## [DATA EXTRACT]
☆ ☆ ☆ ☆ ☆ ☆ ☆
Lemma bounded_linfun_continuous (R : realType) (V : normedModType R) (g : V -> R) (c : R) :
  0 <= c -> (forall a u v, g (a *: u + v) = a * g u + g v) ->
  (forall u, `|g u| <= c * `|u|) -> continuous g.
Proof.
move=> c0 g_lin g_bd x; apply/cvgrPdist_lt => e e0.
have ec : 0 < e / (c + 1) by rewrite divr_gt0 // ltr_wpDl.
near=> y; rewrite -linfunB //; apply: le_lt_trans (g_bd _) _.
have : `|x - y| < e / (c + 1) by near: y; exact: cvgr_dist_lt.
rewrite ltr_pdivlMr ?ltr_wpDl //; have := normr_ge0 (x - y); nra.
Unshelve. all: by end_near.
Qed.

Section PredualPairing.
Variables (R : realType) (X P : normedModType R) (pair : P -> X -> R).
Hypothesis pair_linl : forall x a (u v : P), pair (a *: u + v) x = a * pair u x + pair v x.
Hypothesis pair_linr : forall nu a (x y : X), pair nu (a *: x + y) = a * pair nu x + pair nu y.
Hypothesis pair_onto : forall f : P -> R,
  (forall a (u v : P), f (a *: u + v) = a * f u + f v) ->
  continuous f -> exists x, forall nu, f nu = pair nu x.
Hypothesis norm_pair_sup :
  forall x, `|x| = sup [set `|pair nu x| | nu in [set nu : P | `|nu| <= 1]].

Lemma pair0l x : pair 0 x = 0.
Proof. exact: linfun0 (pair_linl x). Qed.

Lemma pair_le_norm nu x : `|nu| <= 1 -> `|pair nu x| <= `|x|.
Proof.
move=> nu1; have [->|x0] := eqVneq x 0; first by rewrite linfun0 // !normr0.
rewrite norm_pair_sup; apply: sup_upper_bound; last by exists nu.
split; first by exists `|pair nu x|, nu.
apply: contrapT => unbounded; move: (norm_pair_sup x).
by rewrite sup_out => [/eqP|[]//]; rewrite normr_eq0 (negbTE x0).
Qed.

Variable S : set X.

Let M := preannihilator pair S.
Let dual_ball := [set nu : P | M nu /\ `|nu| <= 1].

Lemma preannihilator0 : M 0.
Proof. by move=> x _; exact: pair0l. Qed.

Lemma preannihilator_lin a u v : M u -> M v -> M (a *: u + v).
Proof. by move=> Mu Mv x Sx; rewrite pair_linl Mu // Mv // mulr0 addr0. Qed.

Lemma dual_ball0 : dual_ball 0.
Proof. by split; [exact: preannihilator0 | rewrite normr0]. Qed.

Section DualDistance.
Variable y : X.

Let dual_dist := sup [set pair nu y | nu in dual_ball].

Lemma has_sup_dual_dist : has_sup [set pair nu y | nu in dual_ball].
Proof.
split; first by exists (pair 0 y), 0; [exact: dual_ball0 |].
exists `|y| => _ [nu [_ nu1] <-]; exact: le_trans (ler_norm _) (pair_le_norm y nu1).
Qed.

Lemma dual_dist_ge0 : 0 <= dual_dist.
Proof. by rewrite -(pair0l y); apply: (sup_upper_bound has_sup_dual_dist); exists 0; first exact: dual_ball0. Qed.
☆ ☆ ☆ ☆ ☆ ☆ ☆
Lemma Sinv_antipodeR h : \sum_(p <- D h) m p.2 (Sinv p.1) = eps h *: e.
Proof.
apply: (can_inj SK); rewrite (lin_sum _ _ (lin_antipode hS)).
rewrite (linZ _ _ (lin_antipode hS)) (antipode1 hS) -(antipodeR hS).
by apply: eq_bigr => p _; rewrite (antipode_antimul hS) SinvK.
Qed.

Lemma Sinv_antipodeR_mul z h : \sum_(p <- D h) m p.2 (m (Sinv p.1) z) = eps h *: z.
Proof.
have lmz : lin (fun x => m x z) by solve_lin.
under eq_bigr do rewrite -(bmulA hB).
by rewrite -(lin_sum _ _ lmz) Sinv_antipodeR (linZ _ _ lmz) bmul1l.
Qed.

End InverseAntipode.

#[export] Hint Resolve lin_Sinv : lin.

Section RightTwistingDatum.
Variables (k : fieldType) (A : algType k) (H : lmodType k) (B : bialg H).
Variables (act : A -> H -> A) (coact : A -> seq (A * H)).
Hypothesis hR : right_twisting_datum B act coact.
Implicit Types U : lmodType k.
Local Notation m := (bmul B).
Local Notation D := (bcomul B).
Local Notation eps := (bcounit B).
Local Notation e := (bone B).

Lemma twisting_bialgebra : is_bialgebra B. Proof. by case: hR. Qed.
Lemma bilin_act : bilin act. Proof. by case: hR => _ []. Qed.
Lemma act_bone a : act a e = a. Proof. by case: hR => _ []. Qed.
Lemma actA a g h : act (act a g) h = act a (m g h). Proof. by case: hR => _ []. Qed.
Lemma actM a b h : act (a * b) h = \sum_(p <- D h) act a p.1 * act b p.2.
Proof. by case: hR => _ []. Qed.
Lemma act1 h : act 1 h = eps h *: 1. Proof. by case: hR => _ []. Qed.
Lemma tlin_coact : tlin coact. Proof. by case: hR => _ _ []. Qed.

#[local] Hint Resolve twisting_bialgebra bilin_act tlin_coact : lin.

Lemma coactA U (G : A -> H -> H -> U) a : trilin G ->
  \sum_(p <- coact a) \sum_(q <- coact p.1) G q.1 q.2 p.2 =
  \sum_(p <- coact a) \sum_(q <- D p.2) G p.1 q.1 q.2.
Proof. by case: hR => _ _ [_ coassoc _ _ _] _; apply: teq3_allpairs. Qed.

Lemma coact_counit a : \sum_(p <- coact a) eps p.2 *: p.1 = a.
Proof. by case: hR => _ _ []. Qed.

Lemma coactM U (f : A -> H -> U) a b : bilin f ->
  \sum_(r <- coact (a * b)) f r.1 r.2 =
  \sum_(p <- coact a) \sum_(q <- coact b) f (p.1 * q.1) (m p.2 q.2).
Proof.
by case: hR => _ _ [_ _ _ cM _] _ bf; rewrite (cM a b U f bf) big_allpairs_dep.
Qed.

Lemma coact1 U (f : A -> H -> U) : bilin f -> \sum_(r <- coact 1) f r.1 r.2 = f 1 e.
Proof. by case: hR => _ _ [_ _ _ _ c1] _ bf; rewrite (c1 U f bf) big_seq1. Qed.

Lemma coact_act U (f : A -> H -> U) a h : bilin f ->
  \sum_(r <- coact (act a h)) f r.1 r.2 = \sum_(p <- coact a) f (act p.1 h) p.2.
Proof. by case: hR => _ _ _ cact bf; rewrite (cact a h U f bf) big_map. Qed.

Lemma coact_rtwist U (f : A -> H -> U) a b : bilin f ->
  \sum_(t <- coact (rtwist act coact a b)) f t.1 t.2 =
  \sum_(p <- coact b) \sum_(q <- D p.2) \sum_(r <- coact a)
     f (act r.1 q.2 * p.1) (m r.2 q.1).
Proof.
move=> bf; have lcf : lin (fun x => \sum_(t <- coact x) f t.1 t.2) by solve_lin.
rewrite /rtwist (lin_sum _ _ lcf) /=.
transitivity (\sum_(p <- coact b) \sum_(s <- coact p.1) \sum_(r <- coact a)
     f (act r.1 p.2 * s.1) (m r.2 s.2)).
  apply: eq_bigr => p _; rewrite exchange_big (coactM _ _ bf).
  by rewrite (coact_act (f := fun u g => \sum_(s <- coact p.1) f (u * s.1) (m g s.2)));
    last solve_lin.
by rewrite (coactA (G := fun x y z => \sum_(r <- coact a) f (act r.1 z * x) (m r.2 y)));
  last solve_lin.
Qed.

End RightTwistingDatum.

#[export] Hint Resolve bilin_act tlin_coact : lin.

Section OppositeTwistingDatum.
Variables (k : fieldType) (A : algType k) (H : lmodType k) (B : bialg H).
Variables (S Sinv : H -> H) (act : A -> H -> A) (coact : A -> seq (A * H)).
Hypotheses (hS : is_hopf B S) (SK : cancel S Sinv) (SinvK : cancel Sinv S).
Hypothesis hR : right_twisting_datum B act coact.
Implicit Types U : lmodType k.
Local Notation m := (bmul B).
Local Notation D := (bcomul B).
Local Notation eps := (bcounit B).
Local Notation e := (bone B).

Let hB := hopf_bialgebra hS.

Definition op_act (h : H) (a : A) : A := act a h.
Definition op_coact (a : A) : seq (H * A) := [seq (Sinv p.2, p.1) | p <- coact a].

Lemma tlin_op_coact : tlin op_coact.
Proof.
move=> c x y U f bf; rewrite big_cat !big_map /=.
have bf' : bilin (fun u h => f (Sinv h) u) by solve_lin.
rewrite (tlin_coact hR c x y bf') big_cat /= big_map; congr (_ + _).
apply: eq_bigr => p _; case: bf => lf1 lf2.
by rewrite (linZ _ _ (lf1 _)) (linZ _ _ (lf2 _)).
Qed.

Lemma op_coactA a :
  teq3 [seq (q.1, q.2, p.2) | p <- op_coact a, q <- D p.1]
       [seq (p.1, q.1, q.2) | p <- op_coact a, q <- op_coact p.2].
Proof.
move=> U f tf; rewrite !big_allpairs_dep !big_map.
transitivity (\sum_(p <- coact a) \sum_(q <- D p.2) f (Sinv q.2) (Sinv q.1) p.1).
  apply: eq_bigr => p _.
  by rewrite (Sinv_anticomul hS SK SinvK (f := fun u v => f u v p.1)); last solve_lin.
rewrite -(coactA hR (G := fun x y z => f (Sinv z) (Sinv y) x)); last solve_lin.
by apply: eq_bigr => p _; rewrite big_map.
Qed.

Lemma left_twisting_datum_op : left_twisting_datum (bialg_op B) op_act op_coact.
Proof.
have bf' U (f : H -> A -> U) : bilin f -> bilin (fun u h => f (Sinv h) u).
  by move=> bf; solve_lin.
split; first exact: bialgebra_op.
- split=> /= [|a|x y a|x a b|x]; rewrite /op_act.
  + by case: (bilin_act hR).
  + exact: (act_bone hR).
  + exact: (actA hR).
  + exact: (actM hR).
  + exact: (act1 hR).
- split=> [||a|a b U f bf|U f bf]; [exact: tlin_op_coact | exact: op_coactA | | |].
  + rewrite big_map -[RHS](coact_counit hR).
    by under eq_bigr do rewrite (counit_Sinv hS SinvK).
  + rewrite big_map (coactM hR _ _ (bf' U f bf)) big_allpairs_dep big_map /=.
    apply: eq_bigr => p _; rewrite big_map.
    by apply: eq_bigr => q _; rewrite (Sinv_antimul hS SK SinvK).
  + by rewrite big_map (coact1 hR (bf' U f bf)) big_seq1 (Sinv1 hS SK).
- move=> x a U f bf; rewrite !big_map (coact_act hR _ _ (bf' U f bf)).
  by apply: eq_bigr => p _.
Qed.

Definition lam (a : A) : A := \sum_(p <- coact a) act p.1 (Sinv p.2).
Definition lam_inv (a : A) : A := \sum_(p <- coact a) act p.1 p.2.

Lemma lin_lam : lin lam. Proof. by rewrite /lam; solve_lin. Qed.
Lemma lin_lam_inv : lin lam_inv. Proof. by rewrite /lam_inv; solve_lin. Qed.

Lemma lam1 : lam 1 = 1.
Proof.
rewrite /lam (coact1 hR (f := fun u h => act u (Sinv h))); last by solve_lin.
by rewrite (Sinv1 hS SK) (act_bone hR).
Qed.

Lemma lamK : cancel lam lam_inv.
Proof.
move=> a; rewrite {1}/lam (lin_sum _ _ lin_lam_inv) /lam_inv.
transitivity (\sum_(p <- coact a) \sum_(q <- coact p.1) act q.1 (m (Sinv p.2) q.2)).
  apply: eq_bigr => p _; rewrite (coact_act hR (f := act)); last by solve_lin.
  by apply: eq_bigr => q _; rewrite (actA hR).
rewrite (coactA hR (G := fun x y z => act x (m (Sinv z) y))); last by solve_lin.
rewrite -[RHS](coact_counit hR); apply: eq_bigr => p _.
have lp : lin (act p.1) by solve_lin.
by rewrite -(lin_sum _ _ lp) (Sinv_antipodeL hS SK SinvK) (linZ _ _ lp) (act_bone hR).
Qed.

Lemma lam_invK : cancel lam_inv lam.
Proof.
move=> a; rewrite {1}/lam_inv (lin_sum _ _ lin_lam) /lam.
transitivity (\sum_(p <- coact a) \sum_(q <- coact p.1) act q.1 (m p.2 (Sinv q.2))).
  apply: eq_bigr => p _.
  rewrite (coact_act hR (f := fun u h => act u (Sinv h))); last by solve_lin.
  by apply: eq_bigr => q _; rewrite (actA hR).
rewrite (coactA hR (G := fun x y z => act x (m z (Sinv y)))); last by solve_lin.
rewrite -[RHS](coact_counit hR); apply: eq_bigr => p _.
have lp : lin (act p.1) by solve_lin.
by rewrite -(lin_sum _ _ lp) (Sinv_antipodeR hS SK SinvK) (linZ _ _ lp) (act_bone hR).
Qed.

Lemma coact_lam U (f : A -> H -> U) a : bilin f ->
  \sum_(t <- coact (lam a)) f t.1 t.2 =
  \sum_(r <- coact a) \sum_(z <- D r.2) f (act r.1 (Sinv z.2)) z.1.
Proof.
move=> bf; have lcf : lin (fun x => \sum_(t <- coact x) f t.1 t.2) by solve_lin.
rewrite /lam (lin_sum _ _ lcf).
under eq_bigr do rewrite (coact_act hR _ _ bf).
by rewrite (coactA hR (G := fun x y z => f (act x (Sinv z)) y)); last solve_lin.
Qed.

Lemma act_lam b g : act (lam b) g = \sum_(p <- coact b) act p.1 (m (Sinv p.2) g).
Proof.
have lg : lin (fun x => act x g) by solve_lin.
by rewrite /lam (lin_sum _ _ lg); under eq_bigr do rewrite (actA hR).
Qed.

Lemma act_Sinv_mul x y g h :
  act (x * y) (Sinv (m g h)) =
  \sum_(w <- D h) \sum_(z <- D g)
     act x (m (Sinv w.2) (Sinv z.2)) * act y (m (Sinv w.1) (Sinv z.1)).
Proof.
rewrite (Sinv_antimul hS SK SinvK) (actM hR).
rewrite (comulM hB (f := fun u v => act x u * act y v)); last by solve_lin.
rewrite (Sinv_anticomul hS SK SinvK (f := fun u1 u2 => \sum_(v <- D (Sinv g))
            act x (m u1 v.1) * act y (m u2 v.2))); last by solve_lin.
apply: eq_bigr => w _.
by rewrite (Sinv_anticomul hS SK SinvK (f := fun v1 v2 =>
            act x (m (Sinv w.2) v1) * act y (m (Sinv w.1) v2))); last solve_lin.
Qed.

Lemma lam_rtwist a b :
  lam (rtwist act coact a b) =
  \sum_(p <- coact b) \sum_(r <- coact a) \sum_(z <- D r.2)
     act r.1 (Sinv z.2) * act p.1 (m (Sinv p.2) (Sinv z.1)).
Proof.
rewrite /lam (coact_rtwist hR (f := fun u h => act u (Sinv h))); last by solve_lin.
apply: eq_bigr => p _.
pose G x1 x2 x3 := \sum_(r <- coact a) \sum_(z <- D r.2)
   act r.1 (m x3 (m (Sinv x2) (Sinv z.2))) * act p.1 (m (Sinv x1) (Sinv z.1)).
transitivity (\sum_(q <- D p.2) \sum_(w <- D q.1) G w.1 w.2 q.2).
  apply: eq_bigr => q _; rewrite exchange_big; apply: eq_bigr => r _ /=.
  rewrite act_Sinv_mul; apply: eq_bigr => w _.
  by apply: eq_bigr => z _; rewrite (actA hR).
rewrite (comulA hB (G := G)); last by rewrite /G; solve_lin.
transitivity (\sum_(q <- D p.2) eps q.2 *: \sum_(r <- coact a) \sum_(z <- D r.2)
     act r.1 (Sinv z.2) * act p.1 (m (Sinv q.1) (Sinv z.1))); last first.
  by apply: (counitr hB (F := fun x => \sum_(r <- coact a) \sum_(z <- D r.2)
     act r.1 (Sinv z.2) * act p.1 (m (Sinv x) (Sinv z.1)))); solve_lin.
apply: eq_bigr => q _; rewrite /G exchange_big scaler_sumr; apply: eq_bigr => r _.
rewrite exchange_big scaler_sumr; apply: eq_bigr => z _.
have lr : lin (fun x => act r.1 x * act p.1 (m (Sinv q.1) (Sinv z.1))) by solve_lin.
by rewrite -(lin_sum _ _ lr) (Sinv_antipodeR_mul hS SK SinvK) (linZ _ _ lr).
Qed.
☆ ☆ ☆ ☆ ☆ ☆ ☆
## [PROBLEM DESCRIPTION]
What lines above hold the word "Hypothesis"? List them all.

## [WRITTEN RESPONSE]
Hypothesis pair_linl : forall x a (u v : P), pair (a *: u + v) x = a * pair u x + pair v x.
Hypothesis pair_linr : forall nu a (x y : X), pair nu (a *: x + y) = a * pair nu x + pair nu y.
Hypothesis pair_onto : forall f : P -> R,
Hypothesis norm_pair_sup :
Hypothesis hR : right_twisting_datum B act coact.
Hypothesis hR : right_twisting_datum B act coact.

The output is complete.